--- Data ---

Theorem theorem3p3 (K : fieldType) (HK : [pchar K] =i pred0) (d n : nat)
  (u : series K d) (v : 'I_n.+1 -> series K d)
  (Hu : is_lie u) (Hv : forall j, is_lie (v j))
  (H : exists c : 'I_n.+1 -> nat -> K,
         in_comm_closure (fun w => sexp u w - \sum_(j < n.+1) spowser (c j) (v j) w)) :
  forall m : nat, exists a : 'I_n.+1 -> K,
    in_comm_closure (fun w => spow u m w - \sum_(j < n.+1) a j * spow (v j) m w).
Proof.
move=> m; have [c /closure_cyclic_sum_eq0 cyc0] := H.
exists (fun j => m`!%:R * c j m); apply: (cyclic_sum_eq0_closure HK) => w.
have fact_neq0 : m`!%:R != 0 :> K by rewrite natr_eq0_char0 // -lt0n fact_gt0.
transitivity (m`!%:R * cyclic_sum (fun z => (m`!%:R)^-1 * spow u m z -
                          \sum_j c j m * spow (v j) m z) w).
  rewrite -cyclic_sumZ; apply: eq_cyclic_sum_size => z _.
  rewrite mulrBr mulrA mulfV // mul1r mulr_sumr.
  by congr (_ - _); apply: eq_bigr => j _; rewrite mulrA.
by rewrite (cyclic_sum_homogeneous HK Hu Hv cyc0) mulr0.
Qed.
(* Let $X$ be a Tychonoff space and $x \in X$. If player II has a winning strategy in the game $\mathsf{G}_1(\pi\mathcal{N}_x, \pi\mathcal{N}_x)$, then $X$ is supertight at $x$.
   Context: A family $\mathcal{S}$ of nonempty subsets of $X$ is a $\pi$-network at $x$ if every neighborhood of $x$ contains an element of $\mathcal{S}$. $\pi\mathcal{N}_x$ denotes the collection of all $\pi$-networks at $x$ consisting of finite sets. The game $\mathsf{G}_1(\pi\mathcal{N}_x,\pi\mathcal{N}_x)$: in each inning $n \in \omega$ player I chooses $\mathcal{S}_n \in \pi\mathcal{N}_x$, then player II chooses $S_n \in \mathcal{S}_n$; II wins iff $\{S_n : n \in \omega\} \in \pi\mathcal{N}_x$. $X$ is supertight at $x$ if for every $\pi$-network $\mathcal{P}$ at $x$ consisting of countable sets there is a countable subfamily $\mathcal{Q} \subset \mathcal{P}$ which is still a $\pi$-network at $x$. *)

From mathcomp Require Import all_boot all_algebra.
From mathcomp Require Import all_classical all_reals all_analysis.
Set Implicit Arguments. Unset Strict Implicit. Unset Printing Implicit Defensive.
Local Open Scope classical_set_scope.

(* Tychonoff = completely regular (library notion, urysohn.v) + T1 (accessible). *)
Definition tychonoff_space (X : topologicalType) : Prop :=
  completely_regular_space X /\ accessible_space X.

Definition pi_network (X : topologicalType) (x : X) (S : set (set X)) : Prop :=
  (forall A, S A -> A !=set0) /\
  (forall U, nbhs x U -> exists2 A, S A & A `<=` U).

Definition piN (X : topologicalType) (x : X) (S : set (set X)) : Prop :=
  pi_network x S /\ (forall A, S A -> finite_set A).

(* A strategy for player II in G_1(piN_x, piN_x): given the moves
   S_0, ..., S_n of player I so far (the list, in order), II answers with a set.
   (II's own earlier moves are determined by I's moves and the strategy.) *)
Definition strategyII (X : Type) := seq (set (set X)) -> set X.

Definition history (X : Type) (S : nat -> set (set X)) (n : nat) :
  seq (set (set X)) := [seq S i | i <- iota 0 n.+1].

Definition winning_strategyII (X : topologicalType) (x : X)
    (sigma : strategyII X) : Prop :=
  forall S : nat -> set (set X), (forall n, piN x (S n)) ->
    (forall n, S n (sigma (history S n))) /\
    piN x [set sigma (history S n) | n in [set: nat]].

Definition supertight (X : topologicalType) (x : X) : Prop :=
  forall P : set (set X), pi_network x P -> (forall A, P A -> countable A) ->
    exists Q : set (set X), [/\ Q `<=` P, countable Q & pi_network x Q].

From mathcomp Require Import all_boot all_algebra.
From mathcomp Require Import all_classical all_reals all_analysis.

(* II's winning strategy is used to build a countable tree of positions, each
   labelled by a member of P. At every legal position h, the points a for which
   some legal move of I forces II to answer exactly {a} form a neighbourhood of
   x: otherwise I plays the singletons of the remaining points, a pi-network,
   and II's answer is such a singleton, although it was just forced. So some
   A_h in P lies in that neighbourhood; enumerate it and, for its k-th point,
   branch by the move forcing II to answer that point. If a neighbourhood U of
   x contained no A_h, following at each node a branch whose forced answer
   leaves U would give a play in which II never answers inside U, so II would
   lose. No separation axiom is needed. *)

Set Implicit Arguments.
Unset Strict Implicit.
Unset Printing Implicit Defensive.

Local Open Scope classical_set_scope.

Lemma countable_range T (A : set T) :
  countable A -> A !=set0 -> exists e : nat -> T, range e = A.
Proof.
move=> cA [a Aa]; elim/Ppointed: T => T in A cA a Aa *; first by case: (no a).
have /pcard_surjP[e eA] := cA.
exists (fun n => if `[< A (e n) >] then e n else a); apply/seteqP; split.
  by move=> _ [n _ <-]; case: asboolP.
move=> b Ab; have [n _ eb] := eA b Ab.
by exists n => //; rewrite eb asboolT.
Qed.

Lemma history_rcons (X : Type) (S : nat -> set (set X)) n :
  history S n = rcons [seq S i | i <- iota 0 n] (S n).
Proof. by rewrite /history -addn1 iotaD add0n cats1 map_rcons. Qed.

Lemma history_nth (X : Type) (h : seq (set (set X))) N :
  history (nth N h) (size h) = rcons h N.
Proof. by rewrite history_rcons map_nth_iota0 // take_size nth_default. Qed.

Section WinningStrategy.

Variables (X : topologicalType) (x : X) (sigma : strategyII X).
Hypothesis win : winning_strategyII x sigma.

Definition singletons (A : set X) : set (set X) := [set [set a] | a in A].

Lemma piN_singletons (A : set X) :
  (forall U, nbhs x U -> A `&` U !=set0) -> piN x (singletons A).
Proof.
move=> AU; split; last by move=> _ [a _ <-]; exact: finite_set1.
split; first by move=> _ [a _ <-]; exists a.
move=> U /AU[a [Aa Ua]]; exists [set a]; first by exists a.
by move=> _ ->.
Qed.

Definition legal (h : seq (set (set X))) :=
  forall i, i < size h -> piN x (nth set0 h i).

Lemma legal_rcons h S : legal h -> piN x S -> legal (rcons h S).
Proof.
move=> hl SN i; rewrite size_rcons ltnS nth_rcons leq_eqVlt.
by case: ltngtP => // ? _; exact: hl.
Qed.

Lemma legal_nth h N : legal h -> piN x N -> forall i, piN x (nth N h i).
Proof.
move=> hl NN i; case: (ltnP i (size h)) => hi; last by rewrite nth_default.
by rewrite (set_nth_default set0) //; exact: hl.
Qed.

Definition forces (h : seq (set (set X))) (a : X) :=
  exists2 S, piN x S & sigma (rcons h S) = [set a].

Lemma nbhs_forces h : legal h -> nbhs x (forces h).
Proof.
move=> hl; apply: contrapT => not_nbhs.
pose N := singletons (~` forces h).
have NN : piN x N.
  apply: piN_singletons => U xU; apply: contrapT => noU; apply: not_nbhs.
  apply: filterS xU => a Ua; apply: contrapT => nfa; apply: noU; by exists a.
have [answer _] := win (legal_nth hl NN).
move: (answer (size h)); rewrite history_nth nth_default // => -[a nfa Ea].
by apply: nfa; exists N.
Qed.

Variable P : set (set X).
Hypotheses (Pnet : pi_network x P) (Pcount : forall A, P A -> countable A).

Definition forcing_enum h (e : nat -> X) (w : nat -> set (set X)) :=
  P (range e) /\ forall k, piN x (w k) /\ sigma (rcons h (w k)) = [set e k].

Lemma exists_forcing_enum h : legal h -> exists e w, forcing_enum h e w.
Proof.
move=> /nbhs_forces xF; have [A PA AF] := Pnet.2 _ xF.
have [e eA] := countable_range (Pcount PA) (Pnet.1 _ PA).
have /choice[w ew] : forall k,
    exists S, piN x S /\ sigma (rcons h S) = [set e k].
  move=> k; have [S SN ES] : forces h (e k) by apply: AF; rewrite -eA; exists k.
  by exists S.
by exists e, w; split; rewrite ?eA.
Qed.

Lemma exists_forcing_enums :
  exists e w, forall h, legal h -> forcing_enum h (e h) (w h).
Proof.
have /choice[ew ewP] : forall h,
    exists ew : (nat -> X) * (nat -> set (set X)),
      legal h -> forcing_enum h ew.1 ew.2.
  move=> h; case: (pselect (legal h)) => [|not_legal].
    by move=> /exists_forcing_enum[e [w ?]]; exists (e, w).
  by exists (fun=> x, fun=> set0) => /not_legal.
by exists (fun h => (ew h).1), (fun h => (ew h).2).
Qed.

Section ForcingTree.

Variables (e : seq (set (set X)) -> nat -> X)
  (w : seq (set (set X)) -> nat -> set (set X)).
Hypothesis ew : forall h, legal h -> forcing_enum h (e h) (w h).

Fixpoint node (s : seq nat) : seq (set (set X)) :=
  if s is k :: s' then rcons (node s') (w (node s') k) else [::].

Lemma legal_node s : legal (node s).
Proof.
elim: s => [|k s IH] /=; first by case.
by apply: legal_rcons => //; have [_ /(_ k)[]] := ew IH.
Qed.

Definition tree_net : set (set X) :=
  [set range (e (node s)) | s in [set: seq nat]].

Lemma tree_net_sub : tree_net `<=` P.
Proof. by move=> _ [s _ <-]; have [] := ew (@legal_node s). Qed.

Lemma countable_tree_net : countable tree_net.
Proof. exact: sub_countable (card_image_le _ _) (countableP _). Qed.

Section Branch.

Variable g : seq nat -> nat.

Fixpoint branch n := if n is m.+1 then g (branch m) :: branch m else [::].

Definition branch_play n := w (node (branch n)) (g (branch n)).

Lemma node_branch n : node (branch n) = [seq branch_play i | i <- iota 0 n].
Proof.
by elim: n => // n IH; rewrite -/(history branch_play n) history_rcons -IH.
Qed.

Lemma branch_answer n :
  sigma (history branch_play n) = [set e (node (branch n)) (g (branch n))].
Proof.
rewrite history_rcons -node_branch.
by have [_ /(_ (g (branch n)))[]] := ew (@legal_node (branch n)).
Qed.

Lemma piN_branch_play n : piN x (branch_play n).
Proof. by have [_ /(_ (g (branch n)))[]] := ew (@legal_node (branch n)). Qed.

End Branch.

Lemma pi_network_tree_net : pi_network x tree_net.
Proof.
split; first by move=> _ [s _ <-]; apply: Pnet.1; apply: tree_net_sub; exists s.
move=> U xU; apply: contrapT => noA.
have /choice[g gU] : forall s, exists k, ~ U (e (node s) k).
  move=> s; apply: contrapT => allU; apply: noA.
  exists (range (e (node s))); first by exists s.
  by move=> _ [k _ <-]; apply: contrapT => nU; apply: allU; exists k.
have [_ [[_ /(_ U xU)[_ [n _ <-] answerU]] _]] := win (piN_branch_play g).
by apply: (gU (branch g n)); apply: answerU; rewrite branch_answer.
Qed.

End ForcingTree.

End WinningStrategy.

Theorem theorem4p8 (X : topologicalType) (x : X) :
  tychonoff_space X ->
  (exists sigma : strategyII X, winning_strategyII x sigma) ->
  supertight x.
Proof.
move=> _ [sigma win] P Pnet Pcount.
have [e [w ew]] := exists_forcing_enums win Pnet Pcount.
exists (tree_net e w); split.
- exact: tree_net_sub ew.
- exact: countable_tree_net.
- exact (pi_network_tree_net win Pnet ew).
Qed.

---
--- Data ---

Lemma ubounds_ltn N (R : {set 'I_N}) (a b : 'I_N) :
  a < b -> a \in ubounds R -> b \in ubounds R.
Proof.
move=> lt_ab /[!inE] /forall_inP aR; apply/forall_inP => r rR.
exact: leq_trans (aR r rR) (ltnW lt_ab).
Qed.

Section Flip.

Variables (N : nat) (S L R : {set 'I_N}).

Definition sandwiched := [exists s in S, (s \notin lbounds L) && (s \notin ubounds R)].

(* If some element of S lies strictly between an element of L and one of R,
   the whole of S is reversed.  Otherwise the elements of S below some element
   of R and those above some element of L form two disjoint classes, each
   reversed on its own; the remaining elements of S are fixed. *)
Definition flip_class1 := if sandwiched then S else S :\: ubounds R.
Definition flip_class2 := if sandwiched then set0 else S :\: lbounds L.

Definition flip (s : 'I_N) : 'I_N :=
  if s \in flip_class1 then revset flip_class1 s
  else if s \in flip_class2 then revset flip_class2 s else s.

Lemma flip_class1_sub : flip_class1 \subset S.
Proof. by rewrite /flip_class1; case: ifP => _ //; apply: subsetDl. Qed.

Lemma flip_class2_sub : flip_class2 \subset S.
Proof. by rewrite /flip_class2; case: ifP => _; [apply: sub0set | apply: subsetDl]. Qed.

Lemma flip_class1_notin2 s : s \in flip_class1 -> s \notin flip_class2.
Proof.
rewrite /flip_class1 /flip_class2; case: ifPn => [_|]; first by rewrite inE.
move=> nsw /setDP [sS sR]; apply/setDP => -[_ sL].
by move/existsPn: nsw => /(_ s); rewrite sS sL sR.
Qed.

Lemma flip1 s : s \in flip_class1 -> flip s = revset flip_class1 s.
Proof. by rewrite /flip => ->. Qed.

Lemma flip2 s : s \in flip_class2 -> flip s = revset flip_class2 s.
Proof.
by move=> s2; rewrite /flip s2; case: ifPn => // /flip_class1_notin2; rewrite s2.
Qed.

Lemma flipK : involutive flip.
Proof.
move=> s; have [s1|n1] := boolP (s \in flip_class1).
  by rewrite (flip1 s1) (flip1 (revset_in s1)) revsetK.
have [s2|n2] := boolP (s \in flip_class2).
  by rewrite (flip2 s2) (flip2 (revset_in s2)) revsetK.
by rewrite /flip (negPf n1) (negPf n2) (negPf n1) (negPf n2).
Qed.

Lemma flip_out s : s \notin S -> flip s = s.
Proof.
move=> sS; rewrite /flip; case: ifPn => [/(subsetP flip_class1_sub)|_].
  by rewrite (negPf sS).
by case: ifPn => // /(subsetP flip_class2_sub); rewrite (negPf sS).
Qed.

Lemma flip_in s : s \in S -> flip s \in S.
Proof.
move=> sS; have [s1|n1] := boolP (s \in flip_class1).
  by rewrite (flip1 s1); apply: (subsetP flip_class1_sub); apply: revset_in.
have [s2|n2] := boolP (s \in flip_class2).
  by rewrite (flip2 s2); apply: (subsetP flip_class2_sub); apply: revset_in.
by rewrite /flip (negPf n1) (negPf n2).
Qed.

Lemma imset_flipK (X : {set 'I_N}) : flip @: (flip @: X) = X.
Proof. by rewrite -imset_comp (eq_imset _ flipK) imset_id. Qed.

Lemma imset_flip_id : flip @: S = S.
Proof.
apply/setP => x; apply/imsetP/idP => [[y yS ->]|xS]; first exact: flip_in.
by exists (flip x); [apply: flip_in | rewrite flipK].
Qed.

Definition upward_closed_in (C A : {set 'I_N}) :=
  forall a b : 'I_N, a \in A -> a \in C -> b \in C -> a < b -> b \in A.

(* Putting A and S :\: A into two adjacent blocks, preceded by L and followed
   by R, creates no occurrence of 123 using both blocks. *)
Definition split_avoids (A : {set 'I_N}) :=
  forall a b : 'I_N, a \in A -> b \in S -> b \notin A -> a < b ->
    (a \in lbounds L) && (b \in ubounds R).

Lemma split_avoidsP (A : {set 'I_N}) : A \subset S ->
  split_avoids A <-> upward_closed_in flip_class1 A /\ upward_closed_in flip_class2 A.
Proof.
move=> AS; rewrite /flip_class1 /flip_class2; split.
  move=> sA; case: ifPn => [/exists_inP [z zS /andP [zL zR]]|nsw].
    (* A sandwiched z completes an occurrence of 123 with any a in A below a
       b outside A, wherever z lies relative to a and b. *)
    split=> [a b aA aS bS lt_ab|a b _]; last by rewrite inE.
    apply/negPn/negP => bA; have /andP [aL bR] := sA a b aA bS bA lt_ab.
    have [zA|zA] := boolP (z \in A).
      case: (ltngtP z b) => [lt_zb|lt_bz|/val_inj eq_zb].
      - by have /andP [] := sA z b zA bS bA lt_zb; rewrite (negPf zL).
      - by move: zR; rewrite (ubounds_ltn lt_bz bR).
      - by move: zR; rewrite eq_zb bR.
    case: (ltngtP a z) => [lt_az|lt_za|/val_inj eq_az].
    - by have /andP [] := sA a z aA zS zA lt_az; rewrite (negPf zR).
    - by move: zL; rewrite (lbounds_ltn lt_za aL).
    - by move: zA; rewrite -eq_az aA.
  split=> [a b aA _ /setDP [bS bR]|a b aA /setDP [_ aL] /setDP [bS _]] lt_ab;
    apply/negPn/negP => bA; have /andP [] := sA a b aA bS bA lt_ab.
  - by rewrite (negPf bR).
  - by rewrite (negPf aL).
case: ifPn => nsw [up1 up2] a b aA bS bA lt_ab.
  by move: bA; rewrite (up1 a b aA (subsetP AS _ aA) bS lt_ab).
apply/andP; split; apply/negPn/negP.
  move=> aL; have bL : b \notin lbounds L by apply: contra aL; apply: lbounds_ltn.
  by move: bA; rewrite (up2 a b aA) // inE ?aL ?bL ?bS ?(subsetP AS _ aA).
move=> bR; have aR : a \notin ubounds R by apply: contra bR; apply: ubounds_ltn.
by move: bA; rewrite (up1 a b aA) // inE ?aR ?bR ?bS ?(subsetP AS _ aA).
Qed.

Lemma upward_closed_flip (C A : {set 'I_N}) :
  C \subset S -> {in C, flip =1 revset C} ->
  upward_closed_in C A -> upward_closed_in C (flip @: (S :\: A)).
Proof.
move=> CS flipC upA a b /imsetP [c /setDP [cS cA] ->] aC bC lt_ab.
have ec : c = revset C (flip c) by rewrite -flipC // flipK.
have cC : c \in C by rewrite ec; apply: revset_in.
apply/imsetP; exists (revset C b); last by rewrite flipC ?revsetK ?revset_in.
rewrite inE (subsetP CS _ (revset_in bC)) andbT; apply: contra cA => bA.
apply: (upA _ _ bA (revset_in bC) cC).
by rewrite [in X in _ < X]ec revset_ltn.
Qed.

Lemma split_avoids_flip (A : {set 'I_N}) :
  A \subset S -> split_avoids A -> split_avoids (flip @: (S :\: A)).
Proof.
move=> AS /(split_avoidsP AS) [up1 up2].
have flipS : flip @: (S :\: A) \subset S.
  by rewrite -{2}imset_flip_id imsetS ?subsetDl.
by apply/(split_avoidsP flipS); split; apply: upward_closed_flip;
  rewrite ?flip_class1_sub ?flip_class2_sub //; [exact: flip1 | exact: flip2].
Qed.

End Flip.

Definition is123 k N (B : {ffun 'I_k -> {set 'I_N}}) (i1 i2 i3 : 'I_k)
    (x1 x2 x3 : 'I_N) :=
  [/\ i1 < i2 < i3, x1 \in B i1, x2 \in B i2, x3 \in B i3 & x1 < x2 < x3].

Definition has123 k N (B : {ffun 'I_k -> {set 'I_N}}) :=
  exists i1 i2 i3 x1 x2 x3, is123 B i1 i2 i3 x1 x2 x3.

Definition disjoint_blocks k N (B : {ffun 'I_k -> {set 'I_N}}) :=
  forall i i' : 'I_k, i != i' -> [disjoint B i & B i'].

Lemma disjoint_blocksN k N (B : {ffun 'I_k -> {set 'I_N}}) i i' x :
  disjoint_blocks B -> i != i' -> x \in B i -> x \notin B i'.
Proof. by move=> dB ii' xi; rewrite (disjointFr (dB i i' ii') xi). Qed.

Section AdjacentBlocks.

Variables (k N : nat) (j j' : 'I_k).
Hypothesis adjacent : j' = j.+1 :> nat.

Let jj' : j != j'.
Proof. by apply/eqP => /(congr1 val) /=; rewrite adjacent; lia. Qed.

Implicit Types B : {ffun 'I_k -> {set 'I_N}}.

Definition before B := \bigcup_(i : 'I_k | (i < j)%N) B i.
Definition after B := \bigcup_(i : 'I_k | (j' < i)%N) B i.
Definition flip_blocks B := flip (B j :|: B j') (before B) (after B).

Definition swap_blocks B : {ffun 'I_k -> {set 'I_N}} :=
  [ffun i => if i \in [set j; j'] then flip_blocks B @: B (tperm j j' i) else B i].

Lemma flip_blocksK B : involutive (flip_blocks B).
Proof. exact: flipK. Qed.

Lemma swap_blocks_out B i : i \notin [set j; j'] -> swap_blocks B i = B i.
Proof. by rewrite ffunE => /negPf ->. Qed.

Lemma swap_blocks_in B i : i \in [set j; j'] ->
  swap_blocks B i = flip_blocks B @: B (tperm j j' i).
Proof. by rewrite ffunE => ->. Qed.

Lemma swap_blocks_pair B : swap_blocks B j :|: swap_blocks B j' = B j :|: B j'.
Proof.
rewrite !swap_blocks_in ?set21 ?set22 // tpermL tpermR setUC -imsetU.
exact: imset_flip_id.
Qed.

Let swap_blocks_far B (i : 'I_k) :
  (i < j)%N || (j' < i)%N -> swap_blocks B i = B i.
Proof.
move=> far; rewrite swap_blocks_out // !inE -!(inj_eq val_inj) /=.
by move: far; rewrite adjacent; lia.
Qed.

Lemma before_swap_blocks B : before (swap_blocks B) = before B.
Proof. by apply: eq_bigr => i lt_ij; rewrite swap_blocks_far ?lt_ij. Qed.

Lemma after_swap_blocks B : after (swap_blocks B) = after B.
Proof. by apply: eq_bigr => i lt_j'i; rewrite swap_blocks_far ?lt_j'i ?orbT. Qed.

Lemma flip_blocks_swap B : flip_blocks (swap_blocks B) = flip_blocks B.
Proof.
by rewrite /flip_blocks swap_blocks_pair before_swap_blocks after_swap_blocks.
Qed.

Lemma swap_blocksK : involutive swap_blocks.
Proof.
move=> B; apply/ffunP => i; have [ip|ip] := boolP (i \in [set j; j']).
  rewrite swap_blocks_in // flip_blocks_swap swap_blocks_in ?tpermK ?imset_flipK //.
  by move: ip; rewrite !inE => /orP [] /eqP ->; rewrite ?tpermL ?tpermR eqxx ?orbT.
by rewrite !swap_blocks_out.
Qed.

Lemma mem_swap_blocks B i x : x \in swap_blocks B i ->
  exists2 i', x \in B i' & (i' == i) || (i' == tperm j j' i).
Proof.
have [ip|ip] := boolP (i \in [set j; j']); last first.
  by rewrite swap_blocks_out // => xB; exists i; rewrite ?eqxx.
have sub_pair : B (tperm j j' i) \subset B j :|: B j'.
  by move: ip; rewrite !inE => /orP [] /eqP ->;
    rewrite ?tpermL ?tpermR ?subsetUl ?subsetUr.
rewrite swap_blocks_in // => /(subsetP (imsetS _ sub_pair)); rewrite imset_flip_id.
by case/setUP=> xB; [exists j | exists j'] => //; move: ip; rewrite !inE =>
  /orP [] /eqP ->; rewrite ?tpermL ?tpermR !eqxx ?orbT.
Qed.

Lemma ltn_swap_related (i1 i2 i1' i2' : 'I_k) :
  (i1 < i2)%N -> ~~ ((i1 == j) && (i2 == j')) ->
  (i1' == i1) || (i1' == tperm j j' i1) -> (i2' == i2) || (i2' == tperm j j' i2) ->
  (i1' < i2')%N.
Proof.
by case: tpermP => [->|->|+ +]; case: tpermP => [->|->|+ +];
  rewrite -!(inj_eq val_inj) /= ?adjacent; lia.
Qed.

---
--- Data ---

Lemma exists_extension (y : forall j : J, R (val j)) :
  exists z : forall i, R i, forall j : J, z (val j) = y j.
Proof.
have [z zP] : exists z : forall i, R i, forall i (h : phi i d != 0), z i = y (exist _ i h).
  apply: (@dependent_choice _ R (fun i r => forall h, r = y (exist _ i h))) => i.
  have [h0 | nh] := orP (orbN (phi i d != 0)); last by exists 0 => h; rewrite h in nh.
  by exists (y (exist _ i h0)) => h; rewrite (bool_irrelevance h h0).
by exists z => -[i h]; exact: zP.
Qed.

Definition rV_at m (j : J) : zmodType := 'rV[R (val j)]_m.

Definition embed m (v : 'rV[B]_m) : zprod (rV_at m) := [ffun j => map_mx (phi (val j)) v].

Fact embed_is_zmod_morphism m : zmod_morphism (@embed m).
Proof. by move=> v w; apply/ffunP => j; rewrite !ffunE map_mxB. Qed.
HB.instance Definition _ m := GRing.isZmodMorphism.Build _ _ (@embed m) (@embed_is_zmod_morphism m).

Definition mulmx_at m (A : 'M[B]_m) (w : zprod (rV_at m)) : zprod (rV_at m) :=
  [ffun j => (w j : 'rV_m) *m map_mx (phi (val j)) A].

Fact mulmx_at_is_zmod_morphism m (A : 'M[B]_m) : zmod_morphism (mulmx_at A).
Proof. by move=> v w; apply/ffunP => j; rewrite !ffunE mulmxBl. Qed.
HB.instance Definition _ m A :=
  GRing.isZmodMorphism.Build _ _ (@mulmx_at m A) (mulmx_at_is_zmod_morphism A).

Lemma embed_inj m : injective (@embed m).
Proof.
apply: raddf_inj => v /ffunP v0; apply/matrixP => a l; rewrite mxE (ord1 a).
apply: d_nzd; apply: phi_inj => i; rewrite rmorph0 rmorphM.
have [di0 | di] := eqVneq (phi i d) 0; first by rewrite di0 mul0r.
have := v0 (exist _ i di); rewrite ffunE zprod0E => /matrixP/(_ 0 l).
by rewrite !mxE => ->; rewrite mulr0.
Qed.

---

▶ **Try it**: Lines containing the string "Implicit" are the ones to copy from the entries above.

▶ **The answer**:
Set Implicit Arguments. Unset Strict Implicit. Unset Printing Implicit Defensive.
Set Implicit Arguments.
Unset Strict Implicit.
Unset Printing Implicit Defensive.
Implicit Types B : {ffun 'I_k -> {set 'I_N}}.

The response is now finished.